VEHICLE WILL NOT LOWER
Preliminary Test
Disconnect height sensor connector. Connect a fused jumper wire between ground and White wire terminal (terminal "E") of height sensor connector. If exhaust solenoid valve does not click and air is not exhausted, perform TEST NO. 1. If exhaust solenoid valve clicks and air is exhausted, perform TEST NO. 2. 

Test No. 1 Disconnect compressor connector. Connect test light between ground and Orange wire terminal (terminal"C") of compressor connector. If test light does not come on, check for open Orange wire. If test light comes on, check for open White wire between compressor and height sensor. If White wire is okay, replace compressor head assembly.

Test No. 2 Connect test light between Orange and Black wire terminals (terminals "C" and "A") of height sensor connector. If test light does not come on, repair open Black wire. If test light comes on, check for poor connection at height sensor connector. If connection is okay, adjust height sensor. Retest system. If system still does not operate, replace height sensor. 

NOTE:This procedure checks operation of exhaust solenoid valve in compressor head. If exhaust solenoid valve is defective, replace compressor head.

HEIGHT SENSOR ADJUSTMENT

1.Adjust height sensor if riding height is not as specified.

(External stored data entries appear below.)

(* Splitting the matchings of G[S] according to whether they cover a vertex u gives
   eta(S) = (x - w1 u) eta(S - u) - sum_(v ~ u) |w uv|^2 eta(S - u - v).
   Hence the Wronskian eta(S - u) eta(S)' - eta(S) eta(S - u)' is eta(S - u)^2 plus a
   positive combination of Wronskians of smaller sets; as all eta's are real, near theta it
   is (x - theta)^l times a polynomial positive at theta, with l <= 2 mult(theta, S - u).
   Since (x - theta)^(mult(S) + mult(S - u) - 1) divides it, this gives the interlacing
   mult(theta, S) <= mult(theta, S - u) + 1.
   If the special vertex u had degree at most one, its essential neighbour v would be its
   only neighbour, so eta(G) = (x - w1 u) eta(G - u) - c eta(G - u - v) with c > 0 and
   eta(G - v) = (x - w1 u) eta(G - u - v).  Essentiality of v gives
   mult(G - u - v) < mult(G); non-essentiality of u and interlacing give
   mult(G) <= mult(G - u), so (x - theta)^mult(G) divides c eta(G - u - v), which is absurd. *)

From HB Require Import structures.
From mathcomp Require Import all_boot all_order all_algebra.
From mathcomp Require Import complex ring zify.
Set Implicit Arguments. Unset Strict Implicit. Unset Printing Implicit Defensive.
Import Order.TTheory GRing.Theory Num.Theory.
Local Open Scope ring_scope.

Lemma setU1K_eq (T : finType) (a : T) (B : {set T}) : ((a |: B) :\ a == B) = (a \notin B).
Proof. by apply/eqP/idP => [<- | /setU1K //]; rewrite setD11. Qed.

Section Matchings.
Variables (R : rcfType) (T : finType) (g : rel T) (w : {set T} -> R[i]).
Hypotheses (gsym : symmetric g) (girr : irreflexive g).

Lemma is_edge_set2 u v : is_edge g [set u; v] = g u v.
Proof.
apply/idP/idP => [|guv]; last first.
  by apply/existsP; exists u; apply/existsP; exists v; rewrite guv eqxx.
case/existsP=> a /existsP[b /andP[gab /eqP uv_ab]].
have au : a \in [set u; v] by rewrite uv_ab !inE eqxx.
have bv : b \in [set u; v] by rewrite uv_ab !inE eqxx orbT.
move: au bv gab; rewrite !inE => /orP[]/eqP-> /orP[]/eqP->;
  by rewrite ?girr // gsym.
Qed.

Lemma is_edge_memP e x :
  is_edge g e -> x \in e -> exists2 y, g x y & e = [set x; y].
Proof.
case/existsP=> a /existsP[b /andP[gab /eqP->]].
by rewrite !inE => /orP[]/eqP->; [exists b | exists a; rewrite 1?gsym // setUC].
Qed.

Lemma card_edge e : is_edge g e -> #|e| = 2%N.
Proof.
case/existsP=> a /existsP[b /andP[gab /eqP->]].
by rewrite cards2; case: eqP gab => [->|]; rewrite ?girr.
Qed.

Lemma matching_card S M : matching_in g S M -> (2 * #|M| <= #|S|)%N.
Proof.
move=> /andP[/forall_inP edgeM /forall_inP disjM].
have triM : trivIset M.
  apply/trivIsetP => e1 e2 e1M e2M ne12.
  by have /forall_inP/(_ e2 e2M) := disjM e1 e1M; rewrite ne12.
have coverS : cover M \subset S by apply/bigcupsP => e /edgeM /andP[].
rewrite mulnC -sum_nat_const -(eq_bigr _ (fun e eM => card_edge (andP (edgeM e eM)).1)).
by rewrite (eqP triM) subset_leq_card.
Qed.

Lemma matching_edge_uniq A M u x y : matching_in g A M ->
  [set u; x] \in M -> [set u; y] \in M -> x = y.
Proof.
move=> /andP[/forall_inP edgeM /forall_inP disjM] exM eyM.
have gux : g u x by rewrite -is_edge_set2; case/andP: (edgeM _ exM).
have guy : g u y by rewrite -is_edge_set2; case/andP: (edgeM _ eyM).
have [exy | nexy] := eqVneq [set u; x] [set u; y].
  have : x \in [set u; y] by rewrite -exy !inE eqxx orbT.
  by rewrite !inE => /orP[/eqP xu | /eqP //]; rewrite xu girr in gux.
have /forall_inP/(_ _ eyM) := disjM _ exM; rewrite nexy /= => /disjointFr.
by move=> /(_ u); rewrite !inE eqxx => /(_ isT).
Qed.

(* Defaults to [u] when [M] does not cover [u]. *)
Definition partner (M : {set {set T}}) u := odflt u [pick v | [set u; v] \in M].

Lemma partner_mem A M u : matching_in g A M -> [exists e in M, u \in e] ->
  [set u; partner M u] \in M.
Proof.
move=> /andP[/forall_inP edgeM _] /exists_inP[e eM ue].
have [v _ ev] := is_edge_memP (andP (edgeM e eM)).1 ue.
by rewrite /partner; case: pickP => [v' -> // | /(_ v)]; rewrite -ev eM.
Qed.

Definition mu_term (A : {set T}) (M : {set {set T}}) : {poly R[i]} :=
  ((-1) ^+ #|M| * `|\prod_(e in M) w e| ^+ 2)%:P * 'X^(#|A| - 2 * #|M|).

Lemma mu_polyE A : mu_poly g w A = \sum_(M | matching_in g A M) mu_term A M.
Proof. by []. Qed.

Lemma matching_in_setD1 (A : {set T}) u M :
  matching_in g A M && ~~ [exists e in M, u \in e] = matching_in g (A :\ u) M.
Proof.
rewrite /matching_in andbAC; congr (_ && _).
apply/andP/forall_inP => [[/forall_inP edgeM /exists_inP uM] e eM | edgeM].
  have /andP[-> eA] := edgeM e eM; rewrite subsetD1 eA.
  by apply/negP => ue; apply: uM; exists e.
split.
  apply/forall_inP => e /edgeM /andP[-> /subsetP eA].
  by apply/subsetP => x /eA /setD1P[].
by apply/exists_inP => -[e /edgeM /andP[_]]; rewrite subsetD1 => /andP[_ /negP].
Qed.

Lemma mu_poly_avoid (A : {set T}) u : u \in A ->
  \sum_(M | matching_in g A M && ~~ [exists e in M, u \in e]) mu_term A M
  = 'X * mu_poly g w (A :\ u).
Proof.
move=> uA; rewrite mu_polyE mulr_sumr.
apply: eq_big => [M | M]; rewrite matching_in_setD1 // => /matching_card le2M.
by rewrite /mu_term (cardsD1 u A) uA add1n subSn // (exprS 'X) mulrCA.
Qed.

Lemma matching_in_setU1 (A : {set T}) u v M : g u v -> u \in A -> v \in A ->
  matching_in g A ([set u; v] |: M) && ([set u; v] \notin M)
  = matching_in g (A :\ u :\ v) M.
Proof.
move=> guv uA vA; set e := [set u; v].
have ue : u \in e by rewrite !inE eqxx.
have ve : v \in e by rewrite !inE eqxx orbT.
apply/idP/idP.
  case/andP => /andP[/forall_inP edgeM /forall_inP disjM] eM.
  apply/andP; split; apply/forall_inP => e1 e1M; last first.
    apply/forall_inP => e2 e2M.
    exact: (forall_inP (disjM e1 (setU1r e e1M)) e2 (setU1r e e2M)).
  have /andP[-> e1A] := edgeM e1 (setU1r e e1M).
  have /forall_inP/(_ e1 (setU1r e e1M)) := disjM e (setU11 e M).
  have -> /= : e != e1 by apply: contraNneq eM => ->.
  by move=> /disjointFr dis; rewrite !subsetD1 e1A (dis u) ?(dis v).
case/andP => /forall_inP edgeM /forall_inP disjM.
have eM : e \notin M.
  by apply: contraL ue => /edgeM /andP[_]; rewrite !subsetD1 => /andP[/andP[_ ->]].
have edge'M e1 : e1 \in M -> [/\ is_edge g e1, e1 \subset A, u \notin e1 & v \notin e1].
  by move=> /edgeM /andP[-> ]; rewrite !subsetD1 => /andP[/andP[-> ->] ->].
have disj_e e1 : e1 \in M -> [disjoint e & e1].
  by case/edge'M => _ _ ue1 ve1; rewrite disjoints_subset subUset !sub1set !inE ue1 ve1.
rewrite eM andbT; apply/andP; split.
  apply/forall_inP => e1 /setU1P[-> | /edge'M[-> -> _ _] //].
  by rewrite is_edge_set2 guv subUset !sub1set uA vA.
apply/forall_inP => e1 /setU1P[-> | e1M]; apply/forall_inP => e2 /setU1P[-> | e2M].
- by rewrite eqxx.
- by rewrite disj_e ?implybT.
- by rewrite disjoint_sym disj_e ?implybT.
- exact: (forall_inP (disjM e1 e1M)).
Qed.

Lemma mu_term_setU1 (A : {set T}) u v (M : {set {set T}}) :
  u \in A -> v \in A -> v != u -> [set u; v] \notin M ->
  mu_term A ([set u; v] |: M)
  = - ((`|w [set u; v]| ^+ 2)%:P * mu_term (A :\ u :\ v) M).
Proof.
move=> uA vA vu eM.
rewrite /mu_term cardsU1 eM big_setU1 //= normrM exprMn.
rewrite (cardsD1 u A) uA (cardsD1 v (A :\ u)) !inE vu vA /=.
have -> : (1 + (1 + #|A :\ u :\ v|) - 2 * (1 + #|M|) = #|A :\ u :\ v| - 2 * #|M|)%N.
  by rewrite mulnDr addnA subnDl.
rewrite add1n exprS !polyCM polyCN polyC1.
by move: (_%:P) (_%:P) (_%:P) ('X^_) => a b c d; ring.
Qed.

Lemma mu_poly_cover (A : {set T}) u v : u \in A -> v \in A -> g u v ->
  \sum_(M | matching_in g A M && ([set u; v] \in M)) mu_term A M
  = - ((`|w [set u; v]| ^+ 2)%:P * mu_poly g w (A :\ u :\ v)).
Proof.
move=> uA vA guv; set e := [set u; v].
have vu : v != u by apply: contraTneq guv => ->; rewrite girr.
rewrite mu_polyE mulr_sumr -sumrN.
rewrite (reindex_onto (fun M => e |: M) (fun M => M :\ e)) /=; last first.
  by move=> M /andP[_ eM]; rewrite setD1K.
apply: eq_big => [M | M]; first by rewrite setU11 andbT setU1K_eq matching_in_setU1.
by rewrite setU11 andbT setU1K_eq => /andP[_ eM]; rewrite mu_term_setU1.
Qed.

2.Vehicle should be on level surface with full gas tank and no load in vehicle. Push bumper down and up slowly a few times to normalize suspension. Turn ignition on.

3.Loosen lock bolt securing height sensor metal arm to plastic arm bracket. To increase riding height, move metal arm upward in relation to plastic arm bracket. To decrease riding height, move metal arm downward in relation to plastic arm bracket. Tighten lock nut. Allow for delay when rechecking riding height. If adjustment cannot be made, repair problem with rear springs or suspension. 

NOTE:Height sensor arm angle can be changed a total of 5 degrees. One degree of change in arm angle results in about 1/4" (6 mm) change in riding height. Total change in riding height is about 1 1/4" (32 mm).


Ride Height Specs Fleetwood

Front "A" In. (mm) 10.3 (261)
Rear "B" In. (mm)10.6 (270)

Front Location measured 31.9" (810 mm) from center of the front axle.
Rear Location measured 24.2" (615 mm) from center of the rear axle.


----------



## joe64ss (Jan 4, 2007)

All this work and no reply?!?!


----------



## Badass94Cad (Jun 6, 2003)




----------



## TEKILA61904 (Jul 15, 2007)

Thanks Lot Homie Did The Trick.It Worked.
:biggrin: Good Info On That.Thanks A Millon.


----------



## joe64ss (Jan 4, 2007)

> _Originally posted by TEKILA61904_@Apr 10 2008, 02:08 PM~10383215
> *Thanks Lot Homie Did The Trick.It Worked.
> :biggrin: Good Info On That.Thanks A Millon.
> *


What was wrong????


----------



## Loco SS (Feb 21, 2007)

ttt


----------